• _Data provided_
Lemma bernoulli_mixable_of_sum_int n (p : 'I_n -> R) (k : int) :
  (forall i, 0 <= p i <= 1) -> \sum_(i < n) p i = k%:~R ->
  jointly_mixable P (fun i => bernoulli_cdf (p i)).
Proof.
case: n p => [|n] p p01 sum_p.
  exists (fun=> indic_rv measurable0); split => [[]//|].
  exists 0; rewrite (_ : [set w | _] = setT) ?probability_setT //.
  by apply/seteqP; split => w // _; rewrite /= big_ord0.
pose q j := p (inord j).
have q01 j : (j <= n)%N -> 0 <= q j <= 1 by move=> _; exact: p01.
have sum_q : \sum_(j < n.+1) q j = k%:~R.
  by rewrite -sum_p; apply: eq_bigr => i _; rewrite /q inord_val.
have [A [A_spec sumA]] := atomless_sets_of_int_sum q01 sum_q.
have mA (i : 'I_n.+1) : measurable (A i) by case: (A_spec i (ltn_ord i)).
exists (fun i => indic_rv (mA i)); split.
  move=> i x; rewrite cdf_indic_rv.
  by case: (A_spec i (ltn_ord i)) => _ ->; rewrite /q inord_val.
exists k%:~R; rewrite (_ : [set w | _] = setT) ?probability_setT //.
by apply/seteqP; split => w // _; rewrite /= -(sumA w).
Qed.

End atomless.
End real_probability.

Unset Implicit Arguments.

Theorem proposition21 (d : measure_display) (T : measurableType d) (R : realType)
  (P : probability T R) (hP : atomless P) (n : nat) (p : 'I_n -> R)
  (hp : forall i, 0 <= p i <= 1) :
  jointly_mixable P (fun i => bernoulli_cdf (p i)) <->
  exists k : int, \sum_(i < n) p i = k%:~R.
Proof.
split; first exact: bernoulli_mixable_sum_int.
by move=> [k sum_p]; exact: (bernoulli_mixable_of_sum_int hP hp sum_p).
Qed.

• _Task prompt_
From the line that contains "Theorem proposition21 (d" through the final line of the entries above, every line must be reproduced exactly and nothing more.

• _Result of this task_
Theorem proposition21 (d : measure_display) (T : measurableType d) (R : realType)
  (P : probability T R) (hP : atomless P) (n : nat) (p : 'I_n -> R)
  (hp : forall i, 0 <= p i <= 1) :
  jointly_mixable P (fun i => bernoulli_cdf (p i)) <->
  exists k : int, \sum_(i < n) p i = k%:~R.
Proof.
split; first exact: bernoulli_mixable_sum_int.
by move=> [k sum_p]; exact: (bernoulli_mixable_of_sum_int hP hp sum_p).
Qed.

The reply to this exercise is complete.